*** SOURCE INFORMATION ***

(* In any finite ELP, let $\pi$ be a policy, $\rho_\pi$ its stationary distribution, and define $\lambda_\pi(s,a)=\rho_\pi(s)\pi(a|s)\mathbb E_\pi[T]$. Then for every $Q\in\mathcal Q$, $$\mathcal L_\pi(Q,\lambda_\pi)=J(\pi)+\sum_{s\notin\mathcal S_\bot}\sum_{a\in\mathcal A}\lambda_\pi(s,a)\Big(\max_{\bar a}Q(s,\bar a)-Q(s,a)\Big).$$
   Context: A finite ELP is $(\mathcal S,\mathcal A,P,R,\rho)$ with finite $\mathcal S,\mathcal A$, reward $R:\mathcal S\to\mathbb R$, transitions $P(s'|s,a)$, distribution $\rho$, and nonempty terminal set $\mathcal S_\bot$. Under a policy $\pi$, $S_0$ is a fixed terminal state, $A_t\sim\pi(\cdot|S_t)$, $S_{t+1}\sim P(\cdot|S_t,A_t)$, and $T=\inf\{t\ge1:S_t\in\mathcal S_\bot\}$. ELP conditions: $\mathbb E_\pi[T]<\infty$ for every $\pi$; $P(s'|s,a)=\rho(s')$ for all $s\in\mathcal S_\bot$, all $a,s'$; every state is reachable under some policy. $J(\pi)=\mathbb E_\pi[\sum_{t=1}^TR(S_t)]$. $\mathcal Q$ = all functions $\mathcal S\times\mathcal A\to\mathbb R$. $\mathcal BQ(s,a)=\sum_{s'}P(s'|s,a)\big(R(s')+\mathbf 1[s'\notin\mathcal S_\bot]\max_{a'}Q(s',a')\big)$. $\mathcal L_\pi(Q,\lambda)=\mathbb E_\pi[Q(S_T,A_T)]+\sum_{s,a}\lambda(s,a)(\mathcal BQ(s,a)-Q(s,a))$ with $A_T\sim\pi(\cdot|S_T)$. In a finite ELP, the Markov chain on $\mathcal S$ with kernel $\sum_aP(s'|s,a)\pi(a|s)$ has a unique stationary distribution, denoted $\rho_\pi$. *)

From HB Require Import structures.
From mathcomp Require Import all_boot all_order all_algebra.
From mathcomp Require Import all_classical all_reals topology normedtype sequences.
Set Implicit Arguments. Unset Strict Implicit. Unset Printing Implicit Defensive.
Import Order.TTheory GRing.Theory Num.Theory numFieldNormedType.Exports.
Local Open Scope ring_scope.

Section ELP.
Variables (R : realType) (S A : finType).

Definition is_dist (T : finType) (d : T -> R) : Prop :=
  (forall x, 0 <= d x) /\ \sum_(x : T) d x = 1.

(* transition kernel P s a s' = P(s'|s,a) ; policy pi s a = pi(a|s) *)
Definition is_kernel (P : S -> A -> S -> R) : Prop := forall s a, is_dist (P s a).
Definition is_policy (pi : S -> A -> R) : Prop := forall s, is_dist (pi s).

Definition ssum (u : nat -> R) : R := limn (series u).
Definition summable (u : nat -> R) : Prop := cvgn (series u).

(* a trajectory prefix (S_0,A_0),...,(S_n,A_n) *)
Definition traj (n : nat) := {ffun 'I_n.+1 -> (S * A)%type}.
Definition st n (w : traj n) (i : nat) : S := (w (inord i)).1.
Definition act n (w : traj n) (i : nat) : A := (w (inord i)).2.

Variables (P : S -> A -> S -> R) (term : {set S}) (s0 : S).

Definition path_prob (pi : S -> A -> R) n (w : traj n) : R :=
  (st w 0 == s0)%:R * pi (st w 0) (act w 0) *
  \prod_(i < n) (P (st w i) (act w i) (st w i.+1) * pi (st w i.+1) (act w i.+1)).

(* the event {T = n}, T = inf { t >= 1 : S_t terminal } *)
Definition stops_at n (w : traj n) : bool :=
  (0 < n)%N && [forall i : 'I_n, (0 < i)%N ==> (st w i \notin term)]
  && (st w n \in term).

(* E_pi[ g(T, (S_0,A_0,...,S_T,A_T)) ; T < oo ] *)
Definition Estop (pi : S -> A -> R) (g : forall n, traj n -> R) : R :=
  ssum (fun n => \sum_(w : traj n | stops_at w) path_prob pi w * g n w).

Definition summable_stop (pi : S -> A -> R) (g : forall n, traj n -> R) : Prop :=
  summable (fun n => \sum_(w : traj n | stops_at w) path_prob pi w * g n w).

Definition ProbT_finite pi : R := Estop pi (fun _ _ => 1).
Definition ET pi : R := Estop pi (fun n _ => n%:R).
Definition Jret (Rw : S -> R) pi : R :=
  Estop pi (fun n w => \sum_(1 <= t < n.+1) Rw (st w t)).
Definition EQT (Q : S -> A -> R) pi : R :=
  Estop pi (fun n w => Q (st w n) (act w n)).

(* P_pi(S_t = s) for the (unstopped) process *)
Definition prob_state pi t (s : S) : R :=
  \sum_(w : traj t | st w t == s) path_prob pi w.

(* max_a Q(s,a) (A is nonempty whenever a policy exists) *)
Definition qmax (Q : S -> A -> R) (s : S) : R :=
  if [pick a : A] is Some a0 then \big[Num.max/Q s a0]_(a : A) Q s a else 0.

Definition bellman (Rw : S -> R) (Q : S -> A -> R) (s : S) (a : A) : R :=
  \sum_(s' : S) P s a s' * (Rw s' + (s' \notin term)%:R * qmax Q s').

Definition lagr (Rw : S -> R) pi (Q : S -> A -> R) (lam : S -> A -> R) : R :=
  EQT Q pi + \sum_(s : S) \sum_(a : A) lam s a * (bellman Rw Q s a - Q s a).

***

■ **WORK INSTRUCTION**: Give back, word for word, only the lines above from the line holding "Definition ssum (u" to the line holding "Definition act n", both included.

■ **TASK ANSWER**:
Definition ssum (u : nat -> R) : R := limn (series u).
Definition summable (u : nat -> R) : Prop := cvgn (series u).

(* a trajectory prefix (S_0,A_0),...,(S_n,A_n) *)
Definition traj (n : nat) := {ffun 'I_n.+1 -> (S * A)%type}.
Definition st n (w : traj n) (i : nat) : S := (w (inord i)).1.
Definition act n (w : traj n) (i : nat) : A := (w (inord i)).2.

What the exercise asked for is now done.